3 em Looks/ Moda no dia 16.11.2017

Look da Jô: o poder do feminino em forma de moda

Finalmente eu fiz um look que eu AMEI MUITO com a minha saia MARAVILHOSA da Adriana Meira. Pra mim, o trabalho dela é arte purinha. Quem me apresentou foi a Ca, que por sua vez conheceu a Adriana por causa de uma amiga que fez a apresentação. Em pouco tempo comecei a entender o motivo da Carla ter falado tanto dela e antes mesmo de a conhecer pessoalmente, tivemos a ideia de fazer a saída que usaríamos no #paponapiscina.

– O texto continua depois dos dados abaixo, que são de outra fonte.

(* Let $(H,\mathcal F_\bullet H,\mathcal R)$ be a filtered Rota–Baxter Hopf algebra. Then $\mathcal R(P(H))\subset P(H)$ and $(P(H),\mathcal F_\bullet H\cap P(H),\mathcal R|_{P(H)})$ is a filtered Rota–Baxter Lie algebra, where $P(H)$ is the Lie algebra of primitive elements with the filtration $\mathcal F_nP(H)=\mathcal F_nH\cap P(H)$, $n\ge1$.
   Context: A filtered Hopf algebra is a Hopf algebra $H$ (over a field of characteristic zero) with subspaces $H=\mathcal F_0H\supset\mathcal F_1H\supset\cdots$ such that all Hopf structure maps preserve filtrations (with $\mathcal F_n(V\otimes W)=\sum_{i+j=n}\mathcal F_iV\otimes\mathcal F_jW$, $\mathcal F_0\mathbf k=\mathbf k$, $\mathcal F_n\mathbf k=0$ for $n\ge1$) and $\ker\epsilon=\mathcal F_1H$. A Rota–Baxter Hopf algebra is a cocommutative Hopf algebra $H$ with a coalgebra homomorphism $\mathcal R:H\to H$ with $\mathcal R(h)\mathcal R(t)=\mathcal R\big(h_{(1)}\mathcal R(h_{(2)})\,t\,S(\mathcal R(h_{(3)}))\big)$ for all $h,t\in H$; it is filtered if $H$ is a filtered Hopf algebra and $\mathcal R(\mathcal F_nH)\subset\mathcal F_nH$ for all $n\ge0$. $P(H)=\{x:\Delta(x)=x\otimes1+1\otimes x\}$ with the commutator bracket. A filtered Rota–Baxter Lie algebra is a Lie algebra $\mathfrak g$ with subspaces $\mathfrak g=\mathcal F_1\mathfrak g\supset\mathcal F_2\mathfrak g\supset\cdots$, $[\mathcal F_n\mathfrak g,\mathcal F_m\mathfrak g]\subset\mathcal F_{n+m}\mathfrak g$, together with a linear map $R$ satisfying $[R(x),R(y)]=R([R(x),y]+[x,R(y)]+[x,y])$ and $R(\mathcal F_n\mathfrak g)\subset\mathcal F_n\mathfrak g$. *)

(* Hopf algebras over a field K, with tensor products given
   abstractly by their universal property. *)
From HB Require Import structures.
From mathcomp Require Import all_boot all_algebra.
From Stdlib Require Import ClassicalEpsilon.

Set Implicit Arguments.
Unset Strict Implicit.
Unset Printing Implicit Defensive.

Import GRing.Theory.
Local Open Scope ring_scope.

Section HopfDefs.
Variable K : fieldType.

Definition lin (V U : lmodType K) (g : V -> U) : Prop :=
  forall (a : K) (x y : V), g (a *: x + y) = a *: g x + g y.

Definition bilin (V W U : lmodType K) (f : V -> W -> U) : Prop :=
  (forall w, lin (fun v => f v w)) /\ (forall v, lin (f v)).

Record tensor_product (V W : lmodType K) := TensorProduct {
  tp_carrier :> lmodType K;
  tp_mul : V -> W -> tp_carrier;
  tp_bilin : bilin tp_mul;
  tp_univ : forall (U : lmodType K) (f : V -> W -> U), bilin f ->
    exists! g : tp_carrier -> U, lin g /\ forall v w, g (tp_mul v w) = f v w
}.

(* The linear map T -> U induced by a bilinear map f (junk if f is not bilinear). *)
Definition tlift (V W : lmodType K) (T : tensor_product V W) (U : lmodType K)
    (f : V -> W -> U) : T -> U :=
  epsilon (inhabits (fun _ : T => (0 : U)))
    (fun g : T -> U => lin g /\ forall v w, g (tp_mul T v w) = f v w).
Arguments tlift {V W} T {U} f.
Arguments tp_mul {V W} t.

Variable H : algType K.

Definition subspace (V : lmodType K) (P : V -> Prop) : Prop :=
  P 0 /\ forall (a : K) (x y : V), P x -> P y -> P (a *: x + y).

Section WithTensors.
Variable T2 : tensor_product H H.
Variable T3 : tensor_product T2 H.

(* multiplication on H (x) H : (a (x) b)(c (x) d) = ac (x) bd *)
Definition tmul2 (s t : T2) : T2 :=
  tlift T2 (fun a b => tlift T2 (fun c d => tp_mul T2 (a * c) (b * d)) t) s.

(* (Delta (x) id) o Delta *)
Definition Delta2 (Delta : H -> T2) (h : H) : T3 :=
  tlift T2 (fun x y => tp_mul T3 (Delta x) y) (Delta h).

(* (id (x) Delta) o Delta, viewed in (H (x) H) (x) H *)
Definition Delta2' (Delta : H -> T2) (h : H) : T3 :=
  tlift T2 (fun x y => tlift T2 (fun y1 y2 => tp_mul T3 (tp_mul T2 x y1) y2) (Delta y))
    (Delta h).

Definition tlift3 (U : lmodType K) (phi : H -> H -> H -> U) : T3 -> U :=
  tlift T3 (fun s c => tlift T2 (fun a b => phi a b c) s).

Definition is_hopf (Delta : H -> T2) (eps : H -> K) (S : H -> H) : Prop :=
  lin Delta /\
  (forall (a : K) x y, eps (a *: x + y) = a * eps x + eps y) /\
  lin S /\
  (forall h, Delta2 Delta h = Delta2' Delta h) /\
  (forall h, tlift T2 (fun x y => eps x *: y) (Delta h) = h) /\
  (forall h, tlift T2 (fun x y => eps y *: x) (Delta h) = h) /\
  Delta 1 = tp_mul T2 1 1 /\
  (forall x y, Delta (x * y) = tmul2 (Delta x) (Delta y)) /\
  eps 1 = 1 /\
  (forall x y, eps (x * y) = eps x * eps y) /\
  (forall h, tlift T2 (fun x y => S x * y) (Delta h) = (eps h)%:A) /\
  (forall h, tlift T2 (fun x y => x * S y) (Delta h) = (eps h)%:A).

Definition is_cocommutative (Delta : H -> T2) : Prop :=
  forall h, tlift T2 (fun x y => tp_mul T2 y x) (Delta h) = Delta h.

(* F_n (H (x) H) = sum_{i+j=n} F_i H (x) F_j H *)
Definition tens_filt (F : nat -> H -> Prop) (n : nat) (t : T2) : Prop :=
  exists s : seq (H * H * nat),
    t = \sum_(p <- s) tp_mul T2 p.1.1 p.1.2 /\
    forall p, p \in s -> (p.2 <= n)%N /\ F p.2 p.1.1 /\ F (n - p.2)%N p.1.2.

Definition is_filtered_hopf (Delta : H -> T2) (eps : H -> K) (S : H -> H)
    (F : nat -> H -> Prop) : Prop :=
  is_hopf Delta eps S /\
  (forall n, subspace (F n)) /\
  (forall h, F 0%N h) /\
  (forall n h, F n.+1 h -> F n h) /\
  (forall i j x y, F i x -> F j y -> F (i + j)%N (x * y)) /\
  (forall n h, F n h -> tens_filt F n (Delta h)) /\
  (forall n h, (1 <= n)%N -> F n h -> eps h = 0) /\
  (forall n h, F n h -> F n (S h)) /\
  (forall h, F 1%N h <-> eps h = 0).
(* (a) Let $h\ge0$ and let $H=H(z)$, $z>0$, be a continuous function. Then there exists a one-parameter family of helicoidal surfaces with pitch $h$ in $\mathbb{S}^3$ with mean curvature $H(z)$, uniquely determined, up to translations along $c_0$, by the spherical angular momenta of their profile curves given by $$\mathcal K(z)=\pm\frac{\sqrt{h^2+(1-h^2)z^2}\,A(z)}{\sqrt{1+h^2A(z)^2}},\qquad\text{where } z^2A(z)=2\int zH(z)\,dz.$$ (b) Let $h\ge0$, $h\ne1$, and let $K_{\mathrm{ext}}=K_{\mathrm{ext}}(z)$, $z>0$, be a continuous function. Then there exists a one-parameter family of helicoidal surfaces with pitch $h$ in $\mathbb{S}^3$ with extrinsic curvature $K_{\mathrm{ext}}(z)$, uniquely determined, up to translations along $c_0$, by the spherical angular momenta of their profile curves given by $$\mathcal K(z)=\pm\sqrt{1+\frac{(1-h^2)z^2B(z)}{z^2+h^2B(z)}},\qquad\text{where } B(z)=2\int zK_{\mathrm{ext}}(z)\,dz.$$ (In both cases the parameter of the family is the integration constant of the indefinite integral.)
   Context: Identify $\mathbb{S}^3$ with the unit sphere of $\mathbb{R}^4$ and let $c_0=\{(x_1,x_2,0,0)\in\mathbb{S}^3\}$. For $h\ge0$ and a regular arc-length parametrized curve $\xi(s)=(x(s),y(s),z(s))$ in $\{(x,y,z)\in\mathbb{S}^2:z>0\}$ with $z$ non-constant, the helicoidal surface with pitch $h$ and profile curve $\xi$ is $X^h(\xi)(s,t)=(x\cos ht-y\sin ht,\ x\sin ht+y\cos ht,\ z\cos t,\ z\sin t)$; translations along $c_0$ are the rotations of the $(x_1,x_2)$-plane. The spherical angular momentum of $\xi$ is $\mathcal K=\dot x\,y-x\,\dot y$, regarded as a function of $z$. The mean curvature and Gaussian curvature $K_G$ are functions of $z$ only, and the extrinsic curvature is $K_{\mathrm{ext}}=K_G-1$. The sign $\pm$ corresponds to the choice of orientation. *)

From Stdlib Require Import Reals.
From Coquelicot Require Import Coquelicot.
Open Scope R_scope.

Record R4 := mkR4 { p1 : R; p2 : R; p3 : R; p4 : R }.

Definition dot4 (u v : R4) : R :=
  p1 u * p1 v + p2 u * p2 v + p3 u * p3 v + p4 u * p4 v.

Definition scal4 (c : R) (u : R4) : R4 :=
  mkR4 (c * p1 u) (c * p2 u) (c * p3 u) (c * p4 u).

Definition det3 (a1 a2 a3 b1 b2 b3 c1 c2 c3 : R) : R :=
  a1 * (b2 * c3 - b3 * c2) - a2 * (b1 * c3 - b3 * c1) + a3 * (b1 * c2 - b2 * c1).

(** Generalized cross product in R^4: [dot4 (cross4 u v w) x = det(u,v,w,x)];
    it is orthogonal to u, v, w. *)
Definition cross4 (u v w : R4) : R4 :=
  mkR4
    (- det3 (p2 u) (p3 u) (p4 u) (p2 v) (p3 v) (p4 v) (p2 w) (p3 w) (p4 w))
    (  det3 (p1 u) (p3 u) (p4 u) (p1 v) (p3 v) (p4 v) (p1 w) (p3 w) (p4 w))
    (- det3 (p1 u) (p2 u) (p4 u) (p1 v) (p2 v) (p4 v) (p1 w) (p2 w) (p4 w))
    (  det3 (p1 u) (p2 u) (p3 u) (p1 v) (p2 v) (p3 v) (p1 w) (p2 w) (p3 w)).

Definition dS (X : R -> R -> R4) (s t : R) : R4 :=
  mkR4 (Derive (fun u => p1 (X u t)) s) (Derive (fun u => p2 (X u t)) s)
       (Derive (fun u => p3 (X u t)) s) (Derive (fun u => p4 (X u t)) s).

Definition dT (X : R -> R -> R4) (s t : R) : R4 :=
  mkR4 (Derive (fun v => p1 (X s v)) t) (Derive (fun v => p2 (X s v)) t)
       (Derive (fun v => p3 (X s v)) t) (Derive (fun v => p4 (X s v)) t).

(** Unit normal of the surface X (lying in S^3) inside S^3: orthogonal to the
    position vector X and to the tangent vectors X_s, X_t.  (The opposite
    orientation is -N; the sign choice is handled explicitly below.) *)
Definition unit_normal (X : R -> R -> R4) (s t : R) : R4 :=
  let Nr := cross4 (X s t) (dS X s t) (dT X s t) in
  scal4 (/ sqrt (dot4 Nr Nr)) Nr.
(* Telescoping: [1 / (phi i phi (i+1)) = kappa (i+1) - kappa i] with
   [kappa i = - cot ((2i+1) h) / sin (2h)], so the sum is [1 / sin^2 h]. *)
Lemma inv_phi_sum : rsum M (fun i => / (phi i * phi (S i))) = / (sin h ^ 2).
Proof.
  set (kappa := fun i : nat => - (cos ((2 * INR i + 1) * h) / phi i) / sin (2 * h)).
  assert (Hsh := sin_h_pos). assert (Hch := cos_h_pos).
  assert (Hs2 : 0 < sin (2 * h)) by (rewrite sin_2a; nra).
  transitivity (rsum M (fun i => kappa (S i) - kappa i)).
  - apply rsum_ext. intros i Hi.
    assert (P1 := phi_pos i ltac:(unfold m; lia)).
    assert (P2 := phi_pos (S i) ltac:(unfold m; lia)).
    unfold kappa. unfold phi in *. rewrite S_INR in *.
    set (s := (2 * INR i + 1) * h) in *.
    replace ((2 * (INR i + 1) + 1) * h) with (s + 2 * h) in * by (unfold s; ring).
    assert (E : sin (2 * h) = sin (s + 2 * h) * cos s - cos (s + 2 * h) * sin s).
    { replace (2 * h) with ((s + 2 * h) - s) at 1 by ring. apply sin_minus. }
    field_simplify; try lra. rewrite E. field. lra.
  - rewrite rsum_tele. unfold kappa. fold (phi M). rewrite phi_M, last_angle.
    rewrite cos_minus, cos_PI, sin_PI.
    unfold phi. simpl (INR 0). replace ((2 * 0 + 1) * h) with h by ring.
    rewrite sin_2a. field. lra.
Qed.

(* Summing the Picone inequality with [u i = z_i^2 / phi i], the recurrence
   of [phi] evaluates the left side; the free parameter [t] is chosen so that
   the correction terms add up to [(z_0 - z_M)^2]. *)
Lemma wirtinger_core (z : nat -> R) : z m = - z 0%nat ->
  rsum m (fun i => z i * z (S i)) <= cos (2 * h) * rsum m (fun i => z i ^ 2).
Proof.
  intros Hz. assert (Hsh := sin_h_pos).
  set (u := fun i => z i ^ 2 / phi i).
  assert (Parts := rsum_by_parts u phi qphi M qphi_S).
  assert (E1 : rsum (S M) (fun i => u i * (phi (S i) + qphi i))
               = 2 * cos (2 * h) * rsum m (fun i => z i ^ 2)).
  { rewrite <- rsum_scal. apply rsum_ext. intros i Hi. rewrite phi_rec. unfold u.
    assert (P := phi_pos i Hi). field. lra. }
  assert (E2 : u 0%nat * qphi 0%nat = - z 0%nat ^ 2).
  { unfold u. rewrite qphi_0, phi_0. field. lra. }
  assert (E3 : u M * phi (S M) = - z M ^ 2).
  { unfold u. rewrite phi_SM, phi_M. field. lra. }
  set (D := rsum M (fun i => z i / phi i - z (S i) / phi (S i))).
  assert (ED : D = (z 0%nat - z M) / sin h).
  { unfold D. set (g := fun i => - (z i / phi i)).
    transitivity (rsum M (fun i => g (S i) - g i)); [apply rsum_ext; intros; unfold g; ring|].
    rewrite rsum_tele. unfold g. rewrite phi_M, phi_0. field. lra. }
  set (t := sin h ^ 2 * D).
  assert (Pic : rsum M (fun i => 2 * t * (z i / phi i - z (S i) / phi (S i))
                                 - t ^ 2 * / (phi i * phi (S i)))
                <= rsum M (fun i => u i * phi (S i) + u (S i) * phi i - 2 * (z i * z (S i)))).
  { apply rsum_le. intros i Hi. unfold u.
    apply picone_pt; apply phi_pos; unfold m; lia. }
  rewrite !rsum_minus, !rsum_scal in Pic. fold D in Pic. rewrite inv_phi_sum in Pic.
  change (rsum m (fun i => z i * z (S i)))
    with (rsum M (fun i => z i * z (S i)) + z M * z m).
  rewrite Hz.
  assert (t ^ 2 * / sin h ^ 2 = t * D) by (unfold t; field; lra).
  assert (t * D = (z 0%nat - z M) ^ 2) by (unfold t; rewrite ED; field; lra).
  lra.
Qed.

Lemma discrete_wirtinger (z : nat -> R) : z m = - z 0%nat ->
  rsum m (fun i => (z i + z (S i)) ^ 2) <= cot h ^ 2 * rsum m (fun i => (z (S i) - z i) ^ 2).
Proof.
  intros Hz. assert (C := wirtinger_core z Hz).
  assert (Tele : rsum m (fun i => z (S i) ^ 2) = rsum m (fun i => z i ^ 2)).
  { assert (T := rsum_tele m (fun i => z i ^ 2)). rewrite rsum_minus, Hz in T. lra. }
  assert (E1 : rsum m (fun i => (z i + z (S i)) ^ 2) =
    rsum m (fun i => z i ^ 2) + rsum m (fun i => z (S i) ^ 2) + 2 * rsum m (fun i => z i * z (S i))).
  { rewrite <- rsum_scal, <- !rsum_plus. apply rsum_ext; intros; ring. }
  assert (E2 : rsum m (fun i => (z (S i) - z i) ^ 2) =
    rsum m (fun i => z i ^ 2) + rsum m (fun i => z (S i) ^ 2) - 2 * rsum m (fun i => z i * z (S i))).
  { rewrite <- rsum_scal, <- rsum_plus, <- rsum_minus. apply rsum_ext; intros; ring. }
  rewrite Tele in E1, E2.
  set (A := rsum m (fun i => z i ^ 2)) in *.
  set (B := rsum m (fun i => z i * z (S i))) in *.
  replace (A + A) with (2 * A) in E1, E2 by ring.
  rewrite E1, E2. rewrite cos_2a in C.
  assert (S1 := sin_h_pos). assert (C1 := cos_h_pos).
  assert (Pyth := sin2_cos2 h). unfold Rsqr in Pyth.
  assert (B * (sin h * sin h + cos h * cos h) <= (cos h * cos h - sin h * sin h) * A)
    by (rewrite Pyth; lra).
  unfold cot.
  replace ((cos h / sin h) ^ 2 * (2 * A - 2 * B))
    with ((cos h * cos h) * (2 * A - 2 * B) / (sin h * sin h)) by (field; lra).
  apply Rmult_le_reg_r with (sin h * sin h); [nra|].
  unfold Rdiv. rewrite Rmult_assoc, Rinv_l by nra. nra.
Qed.

End Wirtinger.

(** The signed area of a polygon-like chain of planar vectors. *)

Definition signed_area (m : nat) (x y : nat -> R) : R :=
  rsum m (fun i => rsum i (fun j => x j * y i - y j * x i)).

(* Centered partial sums of [x]: [z_(i+1) - z_i = x_i] and [z_m = - z_0]. *)
Definition centered_psum (m : nat) (x : nat -> R) (i : nat) : R :=
  rsum i x - rsum m x / 2.

Lemma signed_area_abel m x y :
  signed_area m x y =
  rsum m (fun i => y i * (centered_psum m x i + centered_psum m x (S i))).
Proof.
  unfold signed_area.
  transitivity (rsum m (fun i => y i * rsum i x - x i * rsum i y)).
  - apply rsum_ext. intros i _. rewrite rsum_minus, <- !rsum_scal.
    f_equal; apply rsum_ext; intros; ring.
  - rewrite rsum_minus, (rsum_abel x y), <- rsum_minus. apply rsum_ext. intros i _.
    unfold centered_psum. simpl (rsum (S i) x). field.
Qed.

(* Sharp bound on the signed area: by Cauchy-Schwarz (with the weight [c = cot h])
   and the discrete Wirtinger inequality applied to the centered partial sums. *)
Lemma signed_area_bound (m : nat) (Hm : (2 <= m)%nat) (x y : nat -> R) :
  signed_area m x y <= 1 / 2 * cot (PI / (2 * INR m)) * rsum m (fun i => x i ^ 2 + y i ^ 2).
Proof.
  destruct m as [|M]; [lia|]. assert (HM : (1 <= M)%nat) by lia.
  set (h := PI / (2 * INR (S M))).
  set (c := cot h).
  assert (Hc : 0 < c).
  { unfold c, cot. apply Rdiv_lt_0_compat; [apply cos_h_pos | apply sin_h_pos]; exact HM. }
  set (z := centered_psum (S M) x).
  assert (Hz : z (S M) = - z 0%nat) by (unfold z, centered_psum; simpl (rsum 0 x); lra).
  assert (Hdiff : forall i, z (S i) - z i = x i) by (intros; unfold z, centered_psum; simpl; ring).
  assert (W : rsum (S M) (fun i => (z i + z (S i)) ^ 2) <= c ^ 2 * rsum (S M) (fun i => x i ^ 2)).
  { replace (rsum (S M) (fun i => x i ^ 2)) with (rsum (S M) (fun i => (z (S i) - z i) ^ 2))
      by (apply rsum_ext; intros; rewrite Hdiff; reflexivity).
    apply discrete_wirtinger; assumption. }
  assert (AMGM : forall i, y i * (z i + z (S i)) <=
                   1 / 2 * c * y i ^ 2 + 1 / 2 * / c * (z i + z (S i)) ^ 2).
  { intros i.
    assert (0 <= (c * y i - (z i + z (S i))) ^ 2 / c)
      by (apply Rmult_le_pos; [apply pow2_ge_0 | left; apply Rinv_0_lt_compat; exact Hc]).
    assert (1 / 2 * c * y i ^ 2 + 1 / 2 * / c * (z i + z (S i)) ^ 2 - y i * (z i + z (S i))
            = 1 / 2 * ((c * y i - (z i + z (S i))) ^ 2 / c)) by (field; lra).
    lra. }
  rewrite signed_area_abel. fold z.
  apply Rle_trans with (rsum (S M) (fun i => 1 / 2 * c * y i ^ 2
                                          + 1 / 2 * / c * (z i + z (S i)) ^ 2));
    [apply rsum_le; intros; apply AMGM|].
  rewrite !rsum_plus, !rsum_scal.
  assert (1 / 2 * / c * rsum (S M) (fun i => (z i + z (S i)) ^ 2)
          <= 1 / 2 * c * rsum (S M) (fun i => x i ^ 2)).
  { replace (1 / 2 * c * rsum (S M) (fun i => x i ^ 2))
      with (1 / 2 * / c * (c ^ 2 * rsum (S M) (fun i => x i ^ 2))) by (field; lra).
    apply Rmult_le_compat_l; [|exact W].
    left. apply Rmult_lt_0_compat; [lra | apply Rinv_0_lt_compat; exact Hc]. }
  fold h c. lra.
Qed.

(** Removing absolute values: sorting vectors by angle. *)

Definition unsigned_area (m : nat) (x y : nat -> R) : R :=
  rsum m (fun i => rsum i (fun j => Rabs (x j * y i - y j * x i))).

Definition sq_norms (m : nat) (x y : nat -> R) : R :=
  rsum m (fun i => x i ^ 2 + y i ^ 2).

Definition det (p q : R * R) : R := fst p * snd q - snd p * fst q.

Lemma det_anti p q : det p q = - det q p.
Proof. unfold det; ring. Qed.

(* The same quantities for a finite list of vectors, in a form invariant under permutation. *)
Definition lsum (l : list R) : R := fold_right Rplus 0 l.

Fixpoint unsigned_area_l (l : list (R * R)) : R :=
  match l with
  | nil => 0
  | u :: l' => lsum (map (fun v => Rabs (det u v)) l') + unsigned_area_l l'
  end.

Fixpoint signed_area_l (l : list (R * R)) : R :=
  match l with
  | nil => 0
  | u :: l' => lsum (map (fun v => det u v) l') + signed_area_l l'
  end.

Definition sq_norms_l (l : list (R * R)) : R := lsum (map (fun v => fst v ^ 2 + snd v ^ 2) l).

Lemma lsum_perm l1 l2 : Permutation l1 l2 -> lsum l1 = lsum l2.
Proof. induction 1; simpl; lra. Qed.

Lemma unsigned_area_l_perm l1 l2 : Permutation l1 l2 -> unsigned_area_l l1 = unsigned_area_l l2.
Proof.
  induction 1; simpl.
  - reflexivity.
  - rewrite IHPermutation. f_equal. apply lsum_perm, Permutation_map; assumption.
  - rewrite (det_anti x y), Rabs_Ropp. lra.
  - congruence.
Qed.

Lemma sq_norms_l_perm l1 l2 : Permutation l1 l2 -> sq_norms_l l1 = sq_norms_l l2.
Proof. intros H. apply lsum_perm, Permutation_map, H. Qed.

Lemma lsum_map_nth {A} (f : A -> R) l d :
  lsum (map f l) = rsum (length l) (fun i => f (nth i l d)).
Proof.
  induction l as [|a l IH]; [reflexivity|]. change (length (a :: l)) with (S (length l)).
  rewrite rsum_shift. simpl. rewrite IH. reflexivity.
Qed.

Definition xs (l : list (R * R)) (i : nat) : R := fst (nth i l (0, 0)).
Definition ys (l : list (R * R)) (i : nat) : R := snd (nth i l (0, 0)).

Lemma signed_area_l_rsum l : signed_area_l l = signed_area (length l) (xs l) (ys l).
Proof.
  unfold signed_area, xs, ys.
  induction l as [|u l IH]; [reflexivity|]. change (length (u :: l)) with (S (length l)).
  rewrite rsum_shift. simpl signed_area_l. simpl (rsum 0 _). rewrite Rplus_0_l.
  rewrite IH, (lsum_map_nth _ l (0, 0)), <- rsum_plus.
  apply rsum_ext. intros i _. rewrite rsum_shift. reflexivity.
Qed.

Lemma unsigned_area_l_rsum l : unsigned_area_l l = unsigned_area (length l) (xs l) (ys l).
Proof.
  unfold unsigned_area, xs, ys.
  induction l as [|u l IH]; [reflexivity|]. change (length (u :: l)) with (S (length l)).
  rewrite rsum_shift. simpl unsigned_area_l. simpl (rsum 0 _). rewrite Rplus_0_l.
  rewrite IH, (lsum_map_nth _ l (0, 0)), <- rsum_plus.
  apply rsum_ext. intros i _. rewrite rsum_shift. reflexivity.
Qed.

Lemma sq_norms_l_rsum l : sq_norms_l l = sq_norms (length l) (xs l) (ys l).
Proof. unfold sq_norms_l, sq_norms, xs, ys. exact (lsum_map_nth (fun v => fst v ^ 2 + snd v ^ 2) l (0, 0)). Qed.

Definition inH0 (p : R * R) : Prop := 0 < snd p \/ (snd p = 0 /\ 0 <= fst p).
Definition inH (p : R * R) : Prop := 0 < snd p \/ (snd p = 0 /\ 0 < fst p).

Definition flip (p : R * R) : R * R :=
  if Rlt_dec (snd p) 0 then (- fst p, - snd p)
  else if Req_EM_T (snd p) 0 then
         (if Rlt_dec (fst p) 0 then (- fst p, - snd p) else p)
       else p.

Lemma flip_inH0 p : inH0 (flip p).
Proof.
  unfold flip, inH0. destruct p as [a b]; simpl.
  destruct (Rlt_dec b 0); simpl; [lra|].
  destruct (Req_EM_T b 0); simpl; [destruct (Rlt_dec a 0); simpl|]; lra.
Qed.

Lemma flip_id p : inH0 p -> flip p = p.
Proof.
  unfold flip, inH0. destruct p as [a b]; simpl. intros H.
  destruct (Rlt_dec b 0); [lra|].
  destruct (Req_EM_T b 0); [destruct (Rlt_dec a 0); [lra|]|]; reflexivity.
Qed.

Lemma flip_sign p : flip p = p \/ flip p = (- fst p, - snd p).
Proof.
  unfold flip. destruct (Rlt_dec (snd p) 0); [auto|].
  destruct (Req_EM_T (snd p) 0); [destruct (Rlt_dec (fst p) 0)|]; auto.
Qed.

Lemma flip_sq p : fst (flip p) ^ 2 + snd (flip p) ^ 2 = fst p ^ 2 + snd p ^ 2.
Proof. destruct (flip_sign p) as [-> | ->]; simpl; ring. Qed.

Lemma flip_det p q : Rabs (det (flip p) (flip q)) = Rabs (det p q).
Proof.
  destruct (flip_sign p) as [-> | ->], (flip_sign q) as [-> | ->]; unfold det; simpl;
    first [f_equal; ring | rewrite <- Rabs_Ropp; f_equal; ring].
Qed.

Demos os nossos elementos principais que não queríamos que tivesse de fora: o diamante e a rosa. O resto fomos trocando e confiando no trabalho da Adriana. Para nós foi APAIXONANTE o resultado, mas hoje vou mostrar pra vocês outra peça do meu armário, a tal saia que foi a primeira a embarcar comigo para o Rio de Janeiro.

Não foi a primeira vez, já tinha utilizado nessas duas ocasiões:

Eu gostei, mas sei que fui na opção mais fácil ao optar usá-la com uma camiseta preta básica e acessórios pretos. Fiquei com a sensação que ainda faltava um look que mostrasse exatamente o potencial dessa peça única, e que a valorizasse ainda mais. Para quem não sabe, essa saia demora alguns dias para ser feita e isso não é uma estampa, e sim uma colagem de tecidos. A Dri corta e organiza tudo à mão para depois aplicar no tecido. O modelo se chama “jardim midi” e sou completamente apaixonada pelo efeito que ela causa, mas ainda faltava montar uma produção na qual eu me sentisse tão poderosa quanto a peça.

Foi exatamente isso que aconteceu sábado passado:

blusa Carol Campos Store | saia Adriana Meira | Bota Cavage | Bolsa Dolce & Gabbana

Eu sei que pela foto não mudou tanta coisa dos primeiros looks, já que continuei combinando com peças pretas. Dessa vez resolvi usá-la com uma blusa que eu me sinto mais poderosa, com o truque da jaqueta na cintura (depois que usei pela primeira vez nesse look, não quero outra coisa) e um mini mix de estampas com a bolsa de oncinha.

Além dessa saia, outra peça que voltou para casa comigo depois da visita ao ateliê da Adriana foi esse vestido aqui, só que em preto. Pretendo usar num casamento no dia 25 e se a foto ficar à altura trago o look pro blog. Sei que esse post já está cheio de fotos, mas como o trabalho da Adriana é tão singular e especial, resolvi trazer pra vocês um pouco das fotos que ela fez no Sertão da Bahia, de onde sua família vem e de onde ela tira inspiração para a maioria de suas criações. Eu sei que esse post já tem muito foto, mas é coisa bonita de se ver, vale botar mais, né? :D

Perguntei pra Dri o que tinha por trás dessa coleção tão bonita e autoral dela, pra nós ela disse:

“Como toda coleção que faço tem histórias, memórias e amor. Escolhi fotografar na fazenda do meu pai justamente por esse motivo. O lugar guarda memórias da infância, finais de semana e férias muito bem vividas lá. Eu tinha todo um mundo imaginário para me inspirar, além das minhas avós, que eram artistas dos bordados e costuras. Nomeei a coleção de ‘Umbuzeiros’ , árvore típica da caatinga com um fruto bem famoso por aquelas bandas. O umbu nasce na seca ou na chuva, sempre dá no pé. Essa espécie representa bem a força do sertanejo de ser antes de tudo, um forte… já dizia Euclides da Cunha em Grande Sertão Veredas.

E como não poderia faltar: os pássaros! Claro! Dessa vez tem o carcará, ave de rapina do sertão, imponente, terrível; o beija-flor, doce, romântico, difusor de amor e prosperidade; e, uma ave inventada, uma mistura de calopsita colorida com uma arara. Todas elas representam a minha personalidade, a sua, a nossa… como somos diferentes e parecidas, fortes e frágeis, criativas e únicos, transformadoras e renovadoras da nossa realidade.”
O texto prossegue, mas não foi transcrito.